- Exercise instructions -
Return exactly the lines below, starting with the one that has "i => u i + v i." and going on through the one that has "(forall b, (forall x, E x -> Rbar_le x".

- Data shown -

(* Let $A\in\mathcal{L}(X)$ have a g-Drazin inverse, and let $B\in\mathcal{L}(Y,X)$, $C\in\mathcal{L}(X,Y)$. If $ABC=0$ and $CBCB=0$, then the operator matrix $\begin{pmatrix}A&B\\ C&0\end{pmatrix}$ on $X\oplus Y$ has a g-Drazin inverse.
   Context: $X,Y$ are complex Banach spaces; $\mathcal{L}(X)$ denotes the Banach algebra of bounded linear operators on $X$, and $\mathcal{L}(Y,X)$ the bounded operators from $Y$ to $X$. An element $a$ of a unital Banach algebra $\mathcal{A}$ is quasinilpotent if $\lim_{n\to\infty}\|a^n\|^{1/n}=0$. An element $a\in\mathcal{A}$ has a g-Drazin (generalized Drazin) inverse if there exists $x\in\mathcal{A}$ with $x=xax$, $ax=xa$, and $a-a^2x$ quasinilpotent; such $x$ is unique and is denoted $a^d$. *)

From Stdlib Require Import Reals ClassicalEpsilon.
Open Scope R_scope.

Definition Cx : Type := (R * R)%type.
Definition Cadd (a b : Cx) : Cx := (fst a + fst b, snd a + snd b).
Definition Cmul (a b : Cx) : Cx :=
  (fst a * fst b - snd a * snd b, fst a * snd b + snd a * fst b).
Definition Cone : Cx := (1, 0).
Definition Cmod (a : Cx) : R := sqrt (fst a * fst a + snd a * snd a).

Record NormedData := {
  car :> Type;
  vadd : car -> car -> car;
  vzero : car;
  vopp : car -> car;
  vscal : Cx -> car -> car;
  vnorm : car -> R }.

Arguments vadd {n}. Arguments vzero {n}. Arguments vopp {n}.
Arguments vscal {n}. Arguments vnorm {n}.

* * *

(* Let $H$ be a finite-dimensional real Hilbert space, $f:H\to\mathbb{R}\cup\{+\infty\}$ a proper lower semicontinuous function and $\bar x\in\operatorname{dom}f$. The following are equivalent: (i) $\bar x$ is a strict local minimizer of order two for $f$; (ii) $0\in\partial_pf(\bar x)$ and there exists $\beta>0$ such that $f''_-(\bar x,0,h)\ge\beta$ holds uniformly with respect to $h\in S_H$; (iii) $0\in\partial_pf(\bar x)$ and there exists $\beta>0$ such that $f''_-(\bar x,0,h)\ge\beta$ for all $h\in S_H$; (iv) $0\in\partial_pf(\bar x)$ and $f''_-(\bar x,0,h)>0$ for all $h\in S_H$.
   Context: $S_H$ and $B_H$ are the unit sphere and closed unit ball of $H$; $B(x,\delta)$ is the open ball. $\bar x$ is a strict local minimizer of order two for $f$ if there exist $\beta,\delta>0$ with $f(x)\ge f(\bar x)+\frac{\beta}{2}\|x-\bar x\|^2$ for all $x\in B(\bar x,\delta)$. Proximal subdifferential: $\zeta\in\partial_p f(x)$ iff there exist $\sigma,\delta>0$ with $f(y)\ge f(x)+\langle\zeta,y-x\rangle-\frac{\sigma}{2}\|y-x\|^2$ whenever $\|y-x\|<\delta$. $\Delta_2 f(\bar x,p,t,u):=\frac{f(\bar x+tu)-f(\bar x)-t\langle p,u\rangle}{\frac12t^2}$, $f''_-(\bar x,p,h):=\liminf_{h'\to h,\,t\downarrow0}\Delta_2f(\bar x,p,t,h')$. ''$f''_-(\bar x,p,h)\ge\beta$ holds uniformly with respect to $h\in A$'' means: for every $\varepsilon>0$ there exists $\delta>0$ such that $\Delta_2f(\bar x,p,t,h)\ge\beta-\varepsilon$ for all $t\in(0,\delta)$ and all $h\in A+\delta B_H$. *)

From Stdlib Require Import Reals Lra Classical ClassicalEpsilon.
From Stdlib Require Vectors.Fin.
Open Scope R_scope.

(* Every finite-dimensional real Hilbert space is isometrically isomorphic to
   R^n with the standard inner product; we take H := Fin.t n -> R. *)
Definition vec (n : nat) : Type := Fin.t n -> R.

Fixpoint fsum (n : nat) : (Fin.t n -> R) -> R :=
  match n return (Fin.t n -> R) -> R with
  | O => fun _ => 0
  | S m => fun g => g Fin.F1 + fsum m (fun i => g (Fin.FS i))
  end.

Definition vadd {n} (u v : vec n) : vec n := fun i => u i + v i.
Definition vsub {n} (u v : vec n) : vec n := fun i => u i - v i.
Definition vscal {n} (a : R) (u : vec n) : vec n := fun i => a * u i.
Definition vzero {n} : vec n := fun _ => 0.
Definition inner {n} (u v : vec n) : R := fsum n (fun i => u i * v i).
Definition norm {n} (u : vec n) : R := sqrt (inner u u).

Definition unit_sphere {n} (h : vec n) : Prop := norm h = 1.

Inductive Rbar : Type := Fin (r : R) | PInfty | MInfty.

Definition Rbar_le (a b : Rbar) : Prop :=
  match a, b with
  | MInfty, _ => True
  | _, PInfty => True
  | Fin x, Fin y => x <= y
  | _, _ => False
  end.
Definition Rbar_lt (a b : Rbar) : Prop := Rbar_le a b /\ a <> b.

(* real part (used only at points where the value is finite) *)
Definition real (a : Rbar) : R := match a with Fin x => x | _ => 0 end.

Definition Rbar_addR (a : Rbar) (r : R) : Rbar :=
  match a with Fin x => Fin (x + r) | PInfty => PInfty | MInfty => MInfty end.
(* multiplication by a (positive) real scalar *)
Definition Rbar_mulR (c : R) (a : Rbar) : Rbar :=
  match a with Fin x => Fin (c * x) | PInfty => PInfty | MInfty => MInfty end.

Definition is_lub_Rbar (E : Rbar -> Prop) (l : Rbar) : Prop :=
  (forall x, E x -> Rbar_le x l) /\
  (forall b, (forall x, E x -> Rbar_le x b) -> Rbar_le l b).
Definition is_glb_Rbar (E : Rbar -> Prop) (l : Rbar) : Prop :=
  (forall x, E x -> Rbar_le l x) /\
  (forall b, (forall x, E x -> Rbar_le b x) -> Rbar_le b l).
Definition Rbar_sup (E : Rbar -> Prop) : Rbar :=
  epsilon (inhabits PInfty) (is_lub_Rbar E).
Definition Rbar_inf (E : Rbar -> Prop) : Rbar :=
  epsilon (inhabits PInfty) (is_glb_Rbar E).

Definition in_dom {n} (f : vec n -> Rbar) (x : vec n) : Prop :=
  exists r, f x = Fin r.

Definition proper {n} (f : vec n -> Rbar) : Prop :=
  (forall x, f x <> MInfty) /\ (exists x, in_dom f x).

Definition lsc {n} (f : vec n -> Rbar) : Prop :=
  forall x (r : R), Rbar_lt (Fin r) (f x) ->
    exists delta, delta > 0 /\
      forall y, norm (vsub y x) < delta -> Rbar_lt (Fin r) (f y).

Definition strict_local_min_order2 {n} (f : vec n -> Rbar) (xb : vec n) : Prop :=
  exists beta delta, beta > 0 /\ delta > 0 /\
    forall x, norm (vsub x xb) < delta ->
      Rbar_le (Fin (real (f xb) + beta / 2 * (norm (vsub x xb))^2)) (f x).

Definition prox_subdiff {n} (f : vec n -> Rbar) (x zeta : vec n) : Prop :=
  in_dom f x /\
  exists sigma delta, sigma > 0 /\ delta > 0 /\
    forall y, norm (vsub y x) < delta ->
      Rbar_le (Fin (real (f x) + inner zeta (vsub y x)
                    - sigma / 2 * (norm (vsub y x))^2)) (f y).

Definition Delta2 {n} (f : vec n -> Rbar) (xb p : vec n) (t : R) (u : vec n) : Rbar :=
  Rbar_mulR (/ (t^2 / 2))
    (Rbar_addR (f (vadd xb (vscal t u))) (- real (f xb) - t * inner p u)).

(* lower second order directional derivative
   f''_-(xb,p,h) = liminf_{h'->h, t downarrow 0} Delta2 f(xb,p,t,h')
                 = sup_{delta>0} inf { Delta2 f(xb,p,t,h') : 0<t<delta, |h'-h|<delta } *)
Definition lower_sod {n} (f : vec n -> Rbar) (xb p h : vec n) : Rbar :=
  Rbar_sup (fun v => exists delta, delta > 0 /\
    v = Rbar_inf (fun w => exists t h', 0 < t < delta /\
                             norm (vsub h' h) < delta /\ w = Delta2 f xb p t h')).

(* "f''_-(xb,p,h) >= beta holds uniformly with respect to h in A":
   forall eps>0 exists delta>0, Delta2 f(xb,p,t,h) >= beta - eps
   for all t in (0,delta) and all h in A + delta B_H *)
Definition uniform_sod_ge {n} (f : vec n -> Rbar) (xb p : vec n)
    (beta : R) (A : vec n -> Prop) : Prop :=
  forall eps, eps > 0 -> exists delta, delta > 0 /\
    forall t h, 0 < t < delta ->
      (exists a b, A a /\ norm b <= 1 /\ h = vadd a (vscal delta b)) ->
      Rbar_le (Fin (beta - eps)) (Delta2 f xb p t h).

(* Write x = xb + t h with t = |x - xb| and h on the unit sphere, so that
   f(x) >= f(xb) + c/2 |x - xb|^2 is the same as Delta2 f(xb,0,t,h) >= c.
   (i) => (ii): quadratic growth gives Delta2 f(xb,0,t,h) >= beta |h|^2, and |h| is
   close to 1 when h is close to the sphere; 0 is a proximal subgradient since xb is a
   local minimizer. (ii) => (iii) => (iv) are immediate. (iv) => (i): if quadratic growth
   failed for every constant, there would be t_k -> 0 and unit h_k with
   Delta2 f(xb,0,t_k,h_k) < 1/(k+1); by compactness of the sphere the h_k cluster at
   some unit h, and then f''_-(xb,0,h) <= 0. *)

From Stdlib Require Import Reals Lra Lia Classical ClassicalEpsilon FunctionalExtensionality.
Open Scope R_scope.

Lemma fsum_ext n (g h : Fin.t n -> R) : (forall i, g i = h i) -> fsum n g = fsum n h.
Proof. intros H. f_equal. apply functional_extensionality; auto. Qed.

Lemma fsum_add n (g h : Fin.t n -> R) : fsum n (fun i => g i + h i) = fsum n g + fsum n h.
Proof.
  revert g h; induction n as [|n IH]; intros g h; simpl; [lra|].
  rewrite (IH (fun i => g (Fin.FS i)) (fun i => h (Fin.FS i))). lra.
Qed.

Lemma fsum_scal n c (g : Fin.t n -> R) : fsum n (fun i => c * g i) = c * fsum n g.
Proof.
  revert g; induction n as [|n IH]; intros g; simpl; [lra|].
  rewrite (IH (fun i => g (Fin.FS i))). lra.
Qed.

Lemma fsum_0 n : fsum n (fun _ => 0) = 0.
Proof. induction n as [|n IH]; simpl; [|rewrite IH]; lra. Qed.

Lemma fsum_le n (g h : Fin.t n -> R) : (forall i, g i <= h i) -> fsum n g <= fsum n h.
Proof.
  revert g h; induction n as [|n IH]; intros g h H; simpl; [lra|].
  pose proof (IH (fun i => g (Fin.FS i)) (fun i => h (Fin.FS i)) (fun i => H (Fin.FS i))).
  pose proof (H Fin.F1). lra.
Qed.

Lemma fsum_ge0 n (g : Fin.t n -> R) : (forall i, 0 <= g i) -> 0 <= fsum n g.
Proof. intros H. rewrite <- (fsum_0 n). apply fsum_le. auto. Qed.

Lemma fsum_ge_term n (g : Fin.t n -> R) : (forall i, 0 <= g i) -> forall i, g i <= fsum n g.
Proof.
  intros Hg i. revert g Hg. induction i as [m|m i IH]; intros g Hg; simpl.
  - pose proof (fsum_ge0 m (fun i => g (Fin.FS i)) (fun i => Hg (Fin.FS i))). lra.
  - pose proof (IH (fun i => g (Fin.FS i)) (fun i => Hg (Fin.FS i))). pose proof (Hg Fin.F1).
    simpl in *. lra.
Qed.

- Reply -
Definition vadd {n} (u v : vec n) : vec n := fun i => u i + v i.
Definition vsub {n} (u v : vec n) : vec n := fun i => u i - v i.
Definition vscal {n} (a : R) (u : vec n) : vec n := fun i => a * u i.
Definition vzero {n} : vec n := fun _ => 0.
Definition inner {n} (u v : vec n) : R := fsum n (fun i => u i * v i).
Definition norm {n} (u : vec n) : R := sqrt (inner u u).

Definition unit_sphere {n} (h : vec n) : Prop := norm h = 1.

Inductive Rbar : Type := Fin (r : R) | PInfty | MInfty.

Definition Rbar_le (a b : Rbar) : Prop :=
  match a, b with
  | MInfty, _ => True
  | _, PInfty => True
  | Fin x, Fin y => x <= y
  | _, _ => False
  end.
Definition Rbar_lt (a b : Rbar) : Prop := Rbar_le a b /\ a <> b.

(* real part (used only at points where the value is finite) *)
Definition real (a : Rbar) : R := match a with Fin x => x | _ => 0 end.

Definition Rbar_addR (a : Rbar) (r : R) : Rbar :=
  match a with Fin x => Fin (x + r) | PInfty => PInfty | MInfty => MInfty end.
(* multiplication by a (positive) real scalar *)
Definition Rbar_mulR (c : R) (a : Rbar) : Rbar :=
  match a with Fin x => Fin (c * x) | PInfty => PInfty | MInfty => MInfty end.

Definition is_lub_Rbar (E : Rbar -> Prop) (l : Rbar) : Prop :=
  (forall x, E x -> Rbar_le x l) /\
  (forall b, (forall x, E x -> Rbar_le x b) -> Rbar_le l b).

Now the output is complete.